According to learners, there was a pepper spraying incident earlier that day between black and coloured students during school hours. The parties promised to finish their fight after school. A learner who said they witnessed the fatal stabbing, says Shawn was stabbed in the after-school fight and that some adults were also involved.
The accused, an adult and not a learner, will appear again in court on 15 February.
Learners and community members in Geluksdal, Tsakane and surrounding areas have expressed anger and outrage. They say in the past year the issue of violence at the school had been raised at several meetings. Learners had also reported issues of drug dealing and ill discipline.
“Last year we handed over a memorandum to the Department of Education addressing the very same issues,” says Portia Brink, a community representative.
“On the issue of violence, we asked for metro police to be permanently deployed outside the school following [an incident in August]. But police were only deployed for a few days and we continued to hear reports of gangs and violence in the school. Our children are clearly not safe and what happened to Shawn is evidence of that,” said Brink.
“Why did the department have to wait until someone’s death to act?” asked Chairperson of Pan Africanist Student Organization (PASO) Samkhelo Mthethwa.
“Issues of racism in school, violence, bullying, discrimination and shortage of equipment at Geluksdal Secondary School have been reported to us as a student organisation,” he said.
Mthethwa said PASO had raised these issues with the district’s education officials, who promised to investigate, but nothing had been done.
There are also safety concerns at other schools in Kwathema, Tsakane and Duduza, he said.
On Monday, dozens of students demanding “Justice for Shawn”, led by PASO, marched to the Tsakane Magistrate Court, where the murder suspect was appearing for the first time.
PASO member Mpho Nkosi said, “The Department of Education and the police are failing us. There is no security in schools and we as students are going to take action. What happened to Shawn could have been prevented if the district director had listened to us. They never fixed anything. This issue of racism in the school could be behind us by now.”
Shawn Mphela lived in Tsakane. Geluksdal Secondary is located in a previously predominantly coloured area. His death has further stoked racial tensions. Residents of Geluksdal say they have received threats from people living in Tsakane who are “racialising things”. Some parents have opted to keep their children out of school until the situation has calmed down.
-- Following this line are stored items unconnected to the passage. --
Definition simply_connected (k : nat) (L : kdata k) : Prop :=
  forall (v : Obj L) (w : seq (Mor L * bool)), walk_between w v v -> homotopic w [::].

Record grp := Grp {
  gcar :> Type;
  gmul : gcar -> gcar -> gcar;
  gone : gcar;
  ginv : gcar -> gcar;
  gmulA : forall x y z, gmul x (gmul y z) = gmul (gmul x y) z;
  gmul1 : forall x, gmul gone x = x;
  gmulV : forall x, gmul (ginv x) x = gone }.

Definition normal_subgroup (G : grp) (H : G -> Prop) : Prop :=
  [/\ H (gone G),
      (forall x y, H x -> H y -> H (gmul x y)),
      (forall x, H x -> H (ginv x)) &
      (forall g x, H x -> H (gmul (gmul g x) (ginv g)))].

Definition finite_index (G : grp) (H : G -> Prop) : Prop :=
  exists s : seq G, forall g : G, exists t, In t s /\ H (gmul (ginv t) g).

Definition lcoset (G : grp) (H : G -> Prop) (g : G) : G -> Prop :=
  fun x => H (gmul (ginv g) x).

Definition Qt (G : grp) (H : G -> Prop) : Type :=
  {S : G -> Prop | exists g : G, S = lcoset H g}.

Definition cosQ (G : grp) (H : G -> Prop) (g : G) : Qt H :=
  exist _ (lcoset H g) (ex_intro _ g erefl).

Definition repQ (G : grp) (H : G -> Prop) (A : Qt H) : G :=
  proj1_sig (constructive_indefinite_description _ (proj2_sig A)).

(* multiplication in G/H (well defined when H is normal) *)
Definition Qmul (G : grp) (H : G -> Prop) (A B : Qt H) : Qt H :=
  cosQ H (gmul (repQ A) (repQ B)).

Definition cocycle (k : nat) (L : kdata k) (G : grp) (c : Mor L -> G) : Prop :=
  forall mu nu : Mor L, src mu = rng nu -> c (comp mu nu) = gmul (c mu) (c nu).

(* Lambda x_c T : paths Lambda^n x T of degree n, r(l,g) = (r l, c(l) g),
   s(l,g) = (s l, g), (mu, c(nu) g)(nu, g) = (mu nu, g). *)
Definition skew (k : nat) (L : kdata k) (T : Type) (mul : T -> T -> T) (c : Mor L -> T)
  : kdata k :=
  @KData k (Obj L * T)%type (Mor L * T)%type
    (fun x => (rng x.1, mul (c x.1) x.2))
    (fun x => (src x.1, x.2))
    (fun x => deg x.1)
    (fun x y => (comp x.1 y.1, y.2))
    (fun v => (idm v.1, v.2)).

(* The tower graph of a sequence (L n, p n), levels indexed from 0      *)
Section Tower.
Local Unset Implicit Arguments.
Variables (k : nat) (L : nat -> kdata k).
Variables (pO : forall n, Obj (L n.+1) -> Obj (L n))
          (pM : forall n, Mor (L n.+1) -> Mor (L n)).

Fixpoint iterO (n j : nat) : Obj (L (j + n)) -> Obj (L n) :=
  match j return Obj (L (j + n)) -> Obj (L n) with
  | 0 => fun x => x
  | j'.+1 => fun x => @iterO n j' (@pO (j' + n) x)
  end.
Fixpoint iterM (n j : nat) : Mor (L (j + n)) -> Mor (L n) :=
  match j return Mor (L (j + n)) -> Mor (L n) with
  | 0 => fun x => x
  | j'.+1 => fun x => @iterM n j' (@pM (j' + n) x)
  end.

Definition towObj : Type := {n : nat & Obj (L n)}.
Definition towMor : Type := {n : nat & {j : nat & Mor (L (j + n))}}.

Definition tow_rng (t : towMor) : towObj :=
  existT _ (projT1 t) (iterO (projT1 t) (projT1 (projT2 t)) (rng (projT2 (projT2 t)))).
Definition tow_src (t : towMor) : towObj :=
  existT _ (projT1 (projT2 t) + projT1 t) (src (projT2 (projT2 t))).
Definition tow_deg (t : towMor) : Nk k.+1 :=
  extN (deg (projT2 (projT2 t))) (projT1 (projT2 t)).
Definition tow_idm (v : towObj) : towMor :=
  existT _ (projT1 v) (existT _ 0 (idm (projT2 v))).

Lemma tow_lvl_eq (n j n' i : nat) : n' = j + n -> i + n' = (j + i) + n.
Proof. by move=> ->; rewrite addnA [i + j]addnC. Qed.

Definition castMor (a b : nat) (e : a = b) (x : Mor (L a)) : Mor (L b) :=
  eq_rect a (fun m => Mor (L m)) x b e.

(* the unique lift of mu : L_{n'} under p_{n', n'+i} with source r(l) *)
Definition tow_lift (n' i : nat) (mu : Mor (L n')) (l : Mor (L (i + n'))) : Mor (L (i + n')) :=
  epsilon (inhabits l) (fun nu => iterM n' i nu = mu /\ src nu = rng l).

(* (n, j, mu)(n + j, i, l) = (n, j + i, mu~ l) *)
Definition tow_comp (t u : towMor) : towMor :=
  match t, u with
  | existT n (existT j mu), existT n' (existT i l) =>
      match @eqP _ n' (j + n) with
      | ReflectT e =>
          existT _ n (existT _ (j + i)
            (castMor _ _ (tow_lvl_eq n j n' i e)
               (comp (tow_lift n' i (castMor _ _ (esym e) mu) l) l)))
      | ReflectF _ => t
      end
  end.

Definition tower : kdata k.+1 :=
  @KData k.+1 towObj towMor tow_rng tow_src tow_deg tow_comp tow_idm.
End Tower.
Arguments tower {k L} pO pM.

(* x : Omega_k -> L, a degree preserving functor; x p q is x(p,q) for p <= q *)
Definition is_infpath (k : nat) (L : kdata k) (x : Nk k -> Nk k -> Mor L) : Prop :=
  [/\ (forall p, x p p = idm (rng (x p p))),
      (forall p q, leN p q ->
         [/\ rng (x p q) = rng (x p p), src (x p q) = rng (x q q) &
             deg (x p q) = subN q p]) &
      (forall p q r, leN p q -> leN q r -> x p r = comp (x p q) (x q r))].

Definition ipvert (k : nat) (L : kdata k) (x : Nk k -> Nk k -> Mor L) : Obj L :=
  rng (x (zeroN k) (zeroN k)).

Definition shift (k : nat) (L : kdata k) (n : Nk k) (x : Nk k -> Nk k -> Mor L) :=
  fun p q => x (addN p n) (addN q n).

Definition infeq (k : nat) (L : kdata k) (x y : Nk k -> Nk k -> Mor L) : Prop :=
  forall p q, leN p q -> x p q = y p q.

Definition no_local_periodicity (k : nat) (L : kdata k) : Prop :=
  forall (v : Obj L) (m n : Nk k), m != n ->
    exists x, [/\ is_infpath x, ipvert x = v & ~ infeq (shift m x) (shift n x)].

(* The specific data of Lemma 5.4 (levels indexed from 0: H 0 = pi Lambda) *)
Section Lemma54Data.
Variables (k : nat) (L : kdata k) (G : grp) (c : Mor L -> G) (H : nat -> G -> Prop).

Definition cN (n : nat) (l : Mor L) : Qt (H n) := cosQ (H n) (c l).
Definition LamN (n : nat) : kdata k := skew (@Qmul G (H n)) (cN n).
Definition qN (n : nat) (A : Qt (H n.+1)) : Qt (H n) := cosQ (H n) (repQ A).
Definition pON (n : nat) (x : Obj (LamN n.+1)) : Obj (LamN n) := (x.1, qN x.2).
Definition pMN (n : nat) (x : Mor (LamN n.+1)) : Mor (LamN n) := (x.1, qN x.2).
End Lemma54Data.

From Pilot Require Import Defs.
From mathcomp Require Import all_boot zify.
From Stdlib Require Import ClassicalEpsilon ProofIrrelevance FunctionalExtensionality
  PropExtensionality Eqdep_dec PeanoNat Classical.

(* An infinite path of the tower starting at level n is a path of Lambda together with
   level data: its vertex at degree (a, t) sits at level n + t and carries the coset of
   c(x(0, a))^-1 g, where gH_n is the coset of its starting vertex.  Conversely, any path
   x of Lambda and any coset gH_n lift to such a tower path.  Shifting by degrees whose
   last coordinates differ changes the starting level; shifting by (p, 0) and (q, 0)
   gives equal tower paths exactly when the shifts of x agree and
   c_N(x(0, p + l)) = c_N(x(0, q + l)) for all l and N.  Comparing the two notions of
   periodicity this way gives both implications.  Connectedness, row-finiteness, absence
   of sources, the universal covering, finite index and H_0 = pi Lambda are not needed. *)

Set Implicit Arguments.

Section Group.
Variable G : grp.
Local Notation "x * y" := (gmul x y).
Local Notation "x ^-1" := (ginv x).
Local Notation one := (gone G).

Lemma gmulrV (x : G) : x * x^-1 = one.
Proof.
have h : (x^-1)^-1 * x^-1 = one by apply: gmulV.
by rewrite -[x * _]gmul1 -h -gmulA (gmulA x^-1) gmulV gmul1.
Qed.

Lemma gmulr1 (x : G) : x * one = x.
Proof. by rewrite -(gmulV x) gmulA gmulrV gmul1. Qed.

Lemma gmulKg (x y : G) : x^-1 * (x * y) = y.
Proof. by rewrite gmulA gmulV gmul1. Qed.

Lemma gmulKVg (x y : G) : x * (x^-1 * y) = y.
Proof. by rewrite gmulA gmulrV gmul1. Qed.

Lemma ginv_unique (x y : G) : x * y = one -> x^-1 = y.
Proof. by move=> h; rewrite -[y](gmulKg x) h gmulr1. Qed.

Lemma ginvK (x : G) : (x^-1)^-1 = x.
Proof. by apply: ginv_unique; rewrite gmulV. Qed.

Lemma ginvM (x y : G) : (x * y)^-1 = y^-1 * x^-1.
Proof. by apply: ginv_unique; rewrite -gmulA gmulKVg gmulrV. Qed.

Lemma ginv1 : one^-1 = one.
Proof. by apply: ginv_unique; rewrite gmul1. Qed.

Lemma repQK (H : G -> Prop) (A : Qt H) : cosQ H (repQ A) = A.
Proof.
apply: eq_sig_hprop => [? ? ?|]; first exact: proof_irrelevance.
by rewrite /repQ /=; case: constructive_indefinite_description.
Qed.

Variable H : G -> Prop.
Hypothesis hN : normal_subgroup H.

Lemma lcoset_eq (a b : G) : H (a^-1 * b) -> lcoset H a = lcoset H b.
Proof.
case: hN => _ hM hV _ hab.
apply: functional_extensionality => x; apply: propositional_extensionality.
rewrite /lcoset; split=> hx.
- by have := hM _ _ (hV _ hab) hx; rewrite ginvM ginvK -gmulA gmulKVg.
- by have := hM _ _ hab hx; rewrite -gmulA gmulKVg.
Qed.

Lemma cosQ_eqP (a b : G) : cosQ H a = cosQ H b <-> H (a^-1 * b).
Proof.
split=> [e | hab].
- have := f_equal (fun A : Qt H => proj1_sig A b) e.
  by case: hN => h1 _ _ _; rewrite /= /lcoset gmulV => ->.
- apply: eq_sig_hprop => [? ? ?|]; first exact: proof_irrelevance.
  exact: lcoset_eq.
Qed.

Lemma repQ_cosQ (a : G) : H (a^-1 * repQ (cosQ H a)).
Proof. by apply/cosQ_eqP; rewrite repQK. Qed.

Lemma Qmul_cosQ (a b : G) : Qmul (cosQ H a) (cosQ H b) = cosQ H (a * b).
Proof.
rewrite /Qmul; apply/cosQ_eqP.
have ha := repQ_cosQ a; have hb := repQ_cosQ b.
case: hN => _ hM hV hC.
set a' := repQ _ in ha *; set b' := repQ _ in hb *.
have := hM _ _ (hC (b'^-1) _ (hV _ ha)) (hV _ hb).
by rewrite !ginvM !ginvK -!gmulA gmulKVg.
Qed.

Lemma Qmul_cancel_l (A B1 B2 : Qt H) : Qmul A B1 = Qmul A B2 -> B1 = B2.
Proof.
rewrite /Qmul => /cosQ_eqP; rewrite ginvM -gmulA gmulKg => /cosQ_eqP.
by rewrite !repQK.
Qed.

Lemma cosQ_invmul (a b g : G) :
  cosQ H (a^-1 * g) = cosQ H (b^-1 * g) -> cosQ H a = cosQ H b.
Proof.
move=> /cosQ_eqP h; apply/cosQ_eqP.
case: hN => _ _ hV hC.
have := hV _ (hC a^-1 _ (hC g _ h)).
by rewrite !ginvM !ginvK -!gmulA !gmulKVg gmulV gmulr1.
Qed.

End Group.

Section Degrees.
Variable k : nat.

Definition fstN (P : Nk k.+1) : Nk k := [ffun i => P (lift ord_max i)].
Definition lstN (P : Nk k.+1) : nat := P ord_max.

Lemma fstN_ext (a : Nk k) j : fstN (extN a j) = a.
Proof. by apply/ffunP => i; rewrite !ffunE liftK. Qed.

Lemma lstN_ext (a : Nk k) j : lstN (extN a j) = j.
Proof. by rewrite /lstN ffunE unlift_none. Qed.

Lemma extN_eta P : extN (fstN P) (lstN P) = P.
Proof.
apply/ffunP => i; rewrite ffunE.
by case: (unliftP ord_max i) => [j ->|->]; rewrite ?ffunE.
Qed.

Lemma extN_inj (a b : Nk k) s t : extN a s = extN b t -> a = b /\ s = t.
Proof.
move=> e; have := f_equal fstN e; have := f_equal lstN e.
by rewrite !fstN_ext !lstN_ext.
Qed.

Lemma fstN_add P Q : fstN (addN P Q) = addN (fstN P) (fstN Q).
Proof. by apply/ffunP => i; rewrite !ffunE. Qed.

Lemma lstN_add P Q : lstN (addN P Q) = lstN P + lstN Q.
Proof. by rewrite /lstN ffunE. Qed.

Lemma fstN_sub P Q : fstN (subN P Q) = subN (fstN P) (fstN Q).
Proof. by apply/ffunP => i; rewrite !ffunE. Qed.

Lemma lstN_sub P Q : lstN (subN P Q) = lstN P - lstN Q.
Proof. by rewrite /lstN ffunE. Qed.

Lemma fstN0 : fstN (zeroN k.+1) = zeroN k.
Proof. by apply/ffunP => i; rewrite !ffunE. Qed.

Lemma lstN0 : lstN (zeroN k.+1) = 0.
Proof. by rewrite /lstN ffunE. Qed.

Lemma extN0 : extN (zeroN k) 0 = zeroN k.+1.
Proof. by rewrite -fstN0 -lstN0 extN_eta. Qed.

Lemma leNP (p q : Nk k) : leN p q <-> forall i, p i <= q i.
Proof. by split => [/forallP|h]; last apply/forallP. Qed.

Lemma leN_split P Q : leN P Q = leN (fstN P) (fstN Q) && (lstN P <= lstN Q).
Proof.
apply/idP/andP => [/forallP h | [/forallP h1 h2]].
- by split; [apply/forallP => i; rewrite !ffunE | exact: h].
- apply/forallP => i; case: (unliftP ord_max i) => [j ->|->] //.
  by have := h1 j; rewrite !ffunE.
Qed.

Lemma leN_ext {a b : Nk k} {s t} : leN a b -> s <= t -> leN (extN a s) (extN b t).
Proof. by move=> hab hst; rewrite leN_split !fstN_ext !lstN_ext hab. Qed.

Lemma leNxx (p : Nk k) : leN p p.
Proof. by apply/leNP. Qed.

Lemma leN_trans {p q r : Nk k} : leN p q -> leN q r -> leN p r.
Proof. by move=> /leNP h1 /leNP h2; apply/leNP => i; exact: leq_trans (h1 i) (h2 i). Qed.

Lemma leN_add2r {p q : Nk k} (m : Nk k) : leN p q -> leN (addN p m) (addN q m).
Proof. by move=> /leNP h; apply/leNP => i; rewrite !ffunE leq_add2r. Qed.

Lemma le0N (p : Nk k) : leN (zeroN k) p.
Proof. by apply/leNP => i; rewrite ffunE. Qed.

Lemma addNC (p q : Nk k) : addN p q = addN q p.
Proof. by apply/ffunP => i; rewrite !ffunE addnC. Qed.

Lemma add0N (p : Nk k) : addN (zeroN k) p = p.
Proof. by apply/ffunP => i; rewrite !ffunE. Qed.

Lemma subNN (p : Nk k) : subN p p = zeroN k.
Proof. by apply/ffunP => i; rewrite !ffunE subnn. Qed.

End Degrees.

Section KGraph.
Variables (k : nat) (L : kdata k).
Hypothesis hL : is_kgraph L.

Lemma kg_comp (mu nu : Mor L) : src mu = rng nu ->
  [/\ rng (Defs.comp mu nu) = rng mu, src (Defs.comp mu nu) = src nu &
      deg (Defs.comp mu nu) = addN (deg mu) (deg nu)].
Proof. by case: hL => _ [[_ h _ _] _]; apply: h. Qed.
“Racial tensions have been brewing in Geluksdal for a long time,” said Thapelo Thobela, of Kwathema Concerned Residents. “A principal was chased away because they were black. They are creating a situation of hatred between blacks and coloureds in that community. It’s as if we’ve gone back to apartheid. These issues must be resolved to create a harmonious environment between black and coloured students in the school.”
Selwyn Afrikander, a newly elected SGB member, said meetings were currently being held with delegates from the Department of Education. He called for unity among South Africans.
On Sunday, a delegation from the Department of Education addressed parents at the school and said it would soon begin investigations into Shawn’s death and invited anyone with valuable information to come forward.
Meanwhile security officers have been deployed at the school while SAPS and Metro Police are monitoring the area.
Asked what had the department done following last year’s incidents, Gauteng Department of Education spokesperson Steve Mabona did not answer the question.
Mabona also shifted responsiblity back to the school and the community: “Schools are urged to enforce their codes of conduct to deal with bullying and other disciplinary matters … Although security has been beefed up, we however call upon parents and learner organisations to work with the Department for the betterment of the situation at the school.”
Mabona said security had been enhanced “until the situation is calm”, investigations had been launched, and an independent law firm will be appointed to investigate allegations of discrimination.